43_T2T_SpecificGains.R

  • For these analyses, we used samples that were aligned to T2T and lifted over to hg38, passing both the MAD (<= 0.3) and confidence score (>=0.7) filters. There are 25 PicoPLEX cells and 14 PTA cells. One PicoPLEX cell ("A24_v2_Exp9_1_sn5_sample1_06_CC_S24_R") was excluded from the analyses due to the absence of a T2T version.
  • Using the Ginkgo reported CNV1 file, gains (CN > 2) were saved into the text files for both T2T and liftover versions.
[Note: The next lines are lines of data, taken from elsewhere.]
(* Let $f:\mathbb{N}\to\mathbb{R}$ be non-decreasing with $f(n)>28$ for all $n$, and $p=f(n)\log n/n$. Let $Y=\sum_{i=1}^{n/7}X_i$, where the $X_i$ are independent and $X_i\sim\mathrm{Geom}(1-(1-p)^i)$. Then for every $\varepsilon>0$, $$\mathbb{P}\Big((1-\varepsilon)\Big(\frac n7+\frac n{f(n)}\Big)<Y<(1+\varepsilon)\Big(\frac n7+\frac n{f(n)}\Big)\Big)\longrightarrow 1\quad\text{as }n\to\infty.$$
   Context: $\mathrm{Geom}(q)$ denotes the geometric distribution on $\{1,2,3,\dots\}$ with success probability $q$, i.e. $\mathbb{P}(X=k)=(1-q)^{k-1}q$ (number of trials up to and including the first success). The upper summation limit $n/7$ is understood as an integer (e.g. $\lfloor n/7\rfloor$). *)

From Stdlib Require Import Reals Lra Lia ZArith Arith List.
Open Scope R_scope.

Definition geom_pmf (q : R) (k : nat) : R :=
  match k with
  | O => 0
  | S j => (1 - q) ^ j * q
  end.

Fixpoint sum_1_to (k : nat) (g : nat -> R) : R :=
  match k with
  | O => 0
  | S j => sum_1_to j g + g (S j)
  end.

(* pmf of the sum of independent geometric variables with success
   probabilities qs (law of the independent sum = convolution of the laws). *)
Fixpoint indep_geom_sum_pmf (qs : list R) (k : nat) : R :=
  match qs with
  | nil => if Nat.eqb k 0 then 1 else 0
  | q :: qs' => sum_1_to k (fun j => geom_pmf q j * indep_geom_sum_pmf qs' (k - j))
  end.

Fixpoint sum_0_to (M : nat) (g : nat -> R) : R :=
  match M with
  | O => g O
  | S m => sum_0_to m g + g (S m)
  end.

(* P(a < Y < b) for Y = sum of independent Geom(q), q in qs.
   Y takes values in nat, and INR k < b forces k < up b, so the sum is exact. *)
Definition prob_strictly_between (qs : list R) (a b : R) : R :=
  sum_0_to (Z.to_nat (up b))
    (fun k => if Rlt_dec a (INR k) then
                if Rlt_dec (INR k) b then indep_geom_sum_pmf qs k else 0
              else 0).

Definition edge_p (f : nat -> R) (n : nat) : R :=
  Rmin 1 (f n * ln (INR n) / INR n).

Definition succ_probs (f : nat -> R) (n : nat) : list R :=
  map (fun i => 1 - (1 - edge_p f n) ^ i) (seq 1 (Nat.div n 7)).

Definition target (f : nat -> R) (n : nat) : R :=
  INR (Nat.div n 7) + INR n / f n.

(* [Y] is a sum of independent geometric variables with success probabilities
   [q_i = 1 - (1 - p)^i >= p], so [E[z^Y]] is the product of the [q z / (1 - (1 - q) z)].
   Chernoff's bounds at [z = 1 +- e p / 8] show that [Y] lies in [((1 - e) T, (1 + e) T)]
   with probability at least [1 - 3 exp (- e^2 p T / 32)] as soon as [E[Y]] is within
   [e T / 5] of [T].  Here [E[Y] = sum 1 / q_i = n/7 + sum (1 - p)^i / (1 - (1 - p)^i)], and
   the last sum lies between [(1 - K p) H_K / p] and [H_(n/7) / p], where [H] are the
   harmonic numbers and [K ~ n / log^2 n].  Since [1 / p ~ n / (f n log n)] and
   [H_K ~ H_(n/7) ~ log n], this gives [E[Y] = n/7 + n / f n + o(n)].  Finally
   [p T >= (log n) / 8] tends to infinity. *)

From Stdlib Require Import Reals Lra Lia List ZArith.
From Coquelicot Require Import Hierarchy.
Open Scope R_scope.

(** * Elementary inequalities *)

Lemma exp_le (x y : R) : x <= y -> exp x <= exp y.
Proof. intros [Hxy | ->]; [apply Rlt_le, exp_increasing|]; lra. Qed.

Lemma ln_le (x y : R) : 0 < x -> x <= y -> ln x <= ln y.
Proof. intros Hx [Hxy | ->]; [apply Rlt_le, ln_increasing|]; lra. Qed.

Lemma ln_le_minus_1 (x : R) : 0 < x -> ln x <= x - 1.
Proof. intros Hx. pose proof (exp_ineq1_le (ln x)). rewrite exp_ln in *; lra. Qed.

Lemma ln_ge_1_minus_inv (x : R) : 0 < x -> 1 - / x <= ln x.
Proof.
  intros Hx. pose proof (exp_ineq1_le (ln (/ x))) as H.
  rewrite exp_ln, ln_Rinv in H by (try apply Rinv_0_lt_compat; lra). lra.
Qed.

(* Stdlib's [ln] is [0] on nonpositive arguments. *)
Lemma ln_pos_arg (x : R) : 0 < ln x -> 0 < x.
Proof. unfold ln. destruct Rlt_dec; [tauto | lra]. Qed.

Lemma ln_le_mul (d x : R) : 0 < d -> 4 / d ^ 2 <= x -> ln x <= d * x.
Proof.
  intros Hd Hx. assert (Hx0 : 0 < x) by (eapply Rlt_le_trans; [|exact Hx];
    apply Rdiv_lt_0_compat; [lra | apply pow_lt; lra]).
  set (s := sqrt x). assert (Hs : 0 < s) by (apply sqrt_lt_R0; lra).
  assert (Hss : s * s = x) by apply sqrt_sqrt, Rlt_le, Hx0.
  assert (Hln : ln x = 2 * ln s) by (rewrite <- Hss, ln_mult by lra; ring).
  assert (Hds : 2 <= d * s).
  { apply Rsqr_incr_0_var; [|nra]. unfold Rsqr.
    replace (d * s * (d * s)) with (d ^ 2 * x) by (rewrite <- Hss; ring).
    apply (Rmult_le_reg_r (/ d ^ 2)); [apply Rinv_0_lt_compat, pow_lt; lra|].
    replace (d ^ 2 * x * / d ^ 2) with x by (field; lra). unfold Rdiv in Hx. lra. }
  pose proof (ln_le_minus_1 s Hs). rewrite Hln, <- Hss. nra.
Qed.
These text files are located in the following directory: ./data/processed/t2t_gains/
  • The T2T profile of each cell is indicated with a '_t2t.bed' extension, and the liftover profile of the same cell is indicated by a '_lift.bed' extension.

44_Download_T2Tspecific_TableBrowser.sh

T2T specific genomic regions was downloaded from the UCSC Table Browser and then sorted.

45_T2TGain.sh

  • bedtools subtract (v2.30.0) was used to remove intervals in the T2T gains (CN > 2) overlapping with intervals in the lifted-over version.
  • 1-based coordinates were converted into 0-based.
  • If the T2T-specific gains for each cell showed a minimum of 50% overlap with the bed file obtained from the UCSC Table Browser, those positions were kept for the analysis (using Bedtools v2.30.0 with the intersect -f 0.50 -wo).

47_WriteTableSignificantCNVs_MSA.R & 48_WriteTableSignificantCNVs_MSA_PANTHER_BP.R & 49_MSA_Revigo_BP.R & 50_MSA_Revigo_BP_Main.R

A list of genes covered by significant CNVs was separately identified for MSA patients and controls using the Ensembl BioMart package. The gene lists were submitted to PANTHER to identify statistical overrepresentations in any GO categories. The remaining analyses were conducted as described in Perez-Rodriguez et al. 2019.

64_Copykit_Script.R & 65_write_cn_segments.R

CopyKit was run by Caoimhe Morley and Ida Bomann. DNAcopy alpha parameter: 0.01

66_Samplot.sh

Samplot was run by Christos Proukakis.